50 ans de Recherches

L'idée de l'utilisation du Neurofeedback à des fins thérapeutiques émerge durant les années 1960. Dès cette époque, on constate que cette méthode stimule les capacités naturelles du cerveau à apprendre, à s’autoréguler et à se réorganiser. Mais ce n’est qu’avec le développement de l'outil informatique, au début des années 1980, que les premiers systèmes de Neurofeedback sont commercialisés.

 

 Applications thérapeutiques en France :

 

A ce jour, le Neurofeedback thérapeutique est pratiqué par plus de 250 praticiens privés couvrant le territoire national, ainsi qu'à l'hôpital de la Pitié-Salpêtrière à Paris pour les troubles du sommeil et l'autisme (Département de neurophysiologie clinique et Département de Psychiatrie de l’Enfant et de l’Adolescent, du Pôle des maladies du système nerveux) et pour les troubles de la maladie d'Alzheimer (Institut de la Mémoire et de la Maladie d'Alzheimer et Institut du Cerveau et de la Moelle épinière).
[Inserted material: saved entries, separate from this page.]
Lemma valid_weights_pin : 1 < s -> valid_weights f -> valid_weights pin_weights.
Proof.
move=> s_gt1 fv v; split=> [i|].
  rewrite /pin_weights; case: ifP => _; first by case: ifP.
  by case: (unlift ord_max i) => [j|] //; case: (fv v) => ->.
have widen_lift i : widen_ord (leqnSn s) i = lift ord_max i.
  by apply: val_inj; rewrite /= /bump leqNgt ltn_ord.
rewrite big_ord_recr /= {2}/pin_weights unlift_none.
under eq_bigr => i _ do rewrite widen_lift pin_weights_lift.
case: ifP => vC; last by rewrite addn0; case: (fv v).
rewrite (negbTE (neq_lift _ _)) (bigD1 (phi v)) //= eqxx.
under eq_bigr => i /negbTE -> do [].
by rewrite sum_nat_const cardC1 card_ord; lia.
Qed.

Lemma dpF_coloring_pin :
  dpF_coloring pin_cover pin_weights C (fun v => lift ord_max (phi v)).
Proof.
exists (enum C); split=> [||pre post v e]; [exact: enum_uniq | exact: mem_enum |].
have inC u : u \in pre ++ v :: post -> u \in C by rewrite -e mem_enum.
have vpre : v \notin pre.
  move: (enum_uniq (mem C)); rewrite e cat_uniq => /and3P[_ /hasPn + _].
  by apply; rewrite mem_head.
rewrite pin_weights_lift inC ?mem_cat ?mem_head ?orbT // eqxx.
rewrite (@eq_in_count _ _ pred0) ?count_pred0 // => u upre /=.
rewrite pin_cover_lift !inC ?mem_cat ?upre ?mem_head ?orbT //=.
by case: eqP => // vu; move: vpre; rewrite vu upre.
Qed.

End Pinned.

Definition separates (V : finType) (G : rel V) (C B : {set V}) : Prop :=
  [disjoint B & C] /\ forall u v, u \in B -> G u v -> v \in B :|: C.

Section Glue.
Variables (V : finType) (G : rel V) (s : nat).
Variables (H : rel (V * 'I_s)) (f : 'I_s -> V -> nat) (B C : {set V}).
Variables (phi : V -> 'I_s) (phi2 : V -> 'I_s.+1) (ord2 : seq V).
Hypotheses (coverH : is_cover G H) (sepCB : separates G C B).
Hypothesis phi2E : {in B :|: C, forall v, phi2 v = lift ord_max (phi v)}.
Hypotheses (uniq2 : uniq ord2) (mem2 : ord2 =i B :|: C).
Hypothesis order2 : dpF_order (pin_cover C H) (pin_weights C f phi) phi2 ord2.
Local Notation nbr v := (fun u => H (v, phi v) (u, phi u)).

Lemma cover_nbr_off_side v u i j :
  v \in B -> u \notin B -> H (v, i) (u, j) -> u \in C.
Proof.
case: coverH sepCB => _ _ _ adj _ [_ closed] vB uB /adj Gvu.
have vu : v != u by apply: contraNneq uB => <-.
by have := closed v u vB (Gvu vu); rewrite inE (negbTE uB).
Qed.

Lemma pin_cover_phi2 u w : u \in B :|: C -> w \in B :|: C -> u != w ->
  pin_cover C H (u, phi2 u) (w, phi2 w) =
  ~~ ((u \in C) && (w \in C)) && H (u, phi u) (w, phi w).
Proof. by move=> uBC wBC uw; rewrite !phi2E // pin_cover_lift (negbTE uw). Qed.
L'hôpital Sainte-Marguerite à Marseille utilise également le Neurofeedback pour le TDAH et l'épilepsie.

Depuis mai 2008, l'association Neuf de Cœur fondée par Jean-Pierre Papin et qui regroupe plusieurs centaines de familles d'enfants handicapés recommande l'utilisation du Neurofeedback dynamique après que plusieurs familles aient obtenu d'excellents résultats. Un certain nombre de familles d'enfants handicapés se sont équipées pour faire des séances à domicile.
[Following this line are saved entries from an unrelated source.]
Lemma cvg_coef_Kpoly k :
  (fun n => (((rho n * delta n) ^- d / alpha n) *:
     (Kpoly alpha d n \Po (rho n *: (delta n *: 'X - 1))))`_k)
    @ \oo --> (limK c d)`_k.
Proof.
under eq_cvg => n do rewrite (@coef_Kpoly_normalized _ _ _ n k _ _
  (lt0r_neq0 (alpha_gt0 n)) (rho_neq0 n) (lt0r_neq0 (delta_gt0 n))).
rewrite coef_limK; case: leqP => [le_kd | lt_dk].
  have low r : (r < d - k)%N -> moment d (Kweight d k) r = 0 :> R.
    by move=> lt_r; rewrite moment_Kweight ?ifN ?ltn_eqF // ltnW.
  have := cvg_weighted_sum (fun j n => alpha (n + j)%N / (alpha n * rho n ^+ j))
    le_kd delta_gt0 delta_cvg0 C_cvg ratio_expansion low.
  by rewrite moment_Kweight ?eqxx.
apply: cvg_near_cst; apply: nearW => n.
rewrite big1 ?mulr0 // => j _.
rewrite /Kweight (@bin_small (d - j)) ?mulr0 ?mul0r //.
exact: leq_ltn_trans (leq_subr j d) lt_dk.
Qed.

End NormalizedLimits.

Theorem theorem4p1 (R : realType) (alpha : nat -> R) (d : nat)
    (Rs delta : nat -> R) (C : nat -> nat -> R) (c : nat -> R) :
  (forall n, 0 < alpha n) ->
  (0 < d)%N ->
  (forall n, Rs n != 0) ->
  (forall n, 0 < delta n) ->
  delta @ \oo --> 0 ->
  (forall r, (r <= d)%N -> C r @ \oo --> c r) ->
  (* expansion with an o(delta(n)^d) error, for j = 0, ..., d *)
  (forall j, (j <= d)%N ->
     (fun n => (alpha (n + j)%N / (alpha n * Rs n ^+ j)
                - (C 0%N n + \sum_(1 <= r < d.+1) C r n * delta n ^+ r * (j%:R) ^+ r))
               / delta n ^+ d) @ \oo --> 0) ->
  (forall k, (fun n => ((delta n ^- d / alpha n) *:
        (Jpoly alpha d n \Po ((Rs n)^-1 *: (delta n *: 'X - 1))))`_k)
      @ \oo --> (limJ c d)`_k) /\
  (forall k, (fun n => (((Rs n * delta n) ^- d / alpha n) *:
        (Kpoly alpha d n \Po (Rs n *: (delta n *: 'X - 1))))`_k)
      @ \oo --> (limK c d)`_k).
Proof.
move=> alpha_gt0 _ Rs_neq0 delta_gt0 delta_cvg0 C_cvg expansion.
have sum_split n (x : R) : \sum_(r < d.+1) C r n * delta n ^+ r * x ^+ r
    = C 0%N n + \sum_(1 <= r < d.+1) C r n * delta n ^+ r * x ^+ r.
  rewrite -(big_mkord xpredT (fun r => C r n * delta n ^+ r * x ^+ r)).
  by rewrite big_ltn // !expr0 !mulr1.
split=> k; [apply: (cvg_coef_Jpoly C) | apply: (cvg_coef_Kpoly C)] => // j le_jd;
  under eq_cvg do rewrite sum_split; exact: expansion.
Qed.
L'association Un Sourire Pour l'Espoir à Evry, l'ssociation Dominique près de Toulouse, et l'association Les Enfants de la Chance à La Réunion se sont aussi équipées pour pouvoir donner des séances.

L'association Un Zèbre à Vitré qui regroupe des centaines de parents ayant des enfants à haut potentiel donne également des séances de Neurofeedback.

 

Handicaps

Le Neurofeedback avec NeurOptimal peut aider toutes les personnes qui ont des troubles liés au fonctionnement cérébral. Il peut s’agir d'handicaps liés à des déficits provoqués par des lésions cérébrales, des accidents vasculaires cérébraux (AVC), des traumatismes crâniens. Les personnes peuvent avoir des troubles tels que l’épilepsie, l’autisme, des polyhandicaps lourds, moteurs, psychiques. Problèmes d' hypersensibilité, pleurs, colères, violence. Il peut s’agir aussi d'handicaps liés à des maladies tels que Parkinson ou Alzheimer.

 

Voici quelques histoires : 

- C.J.P a fait un AVC à 65 ans : Suite aux séances, il a retrouvé sa bonne humeur. La fatigue et les douleurs ont diminué. Sa capacité de concentration a augmenté et il peut à nouveau lire le journal et travailler sur son ordinateur. La motivation pour la rééducation s'est décuplée et il commence a faire des pas.

 

- un jeune homme a des lésions cérébrale suite à un accident : son attention, sa diction, son vocabulaire, sa fatiguabilité ce sont améliorer. L'équipe médicale de rééducation a constater une nette amélioration dans tous les domaines.

 

- Autisme :

R.NL a 11 ans, après plusieurs séances, son vocabulaire s’enrichi, elle a les épaules moins rentrées.Elle se place devant certaines personnes et les interpelle et elle est plus caline. Les colères sont moins longues. Lors des crises d'épilepsie, elle a besoin de 4h de repos pour récupérer à la place de 12h initialement.

 

G.L a 9 ans : les changements ont été visibles dans la maîtrise du langage : ces phrases sont plus complexes. Le moment du coucher est plus aisé. Le quotidien en général est plus facile car G est  plus calme.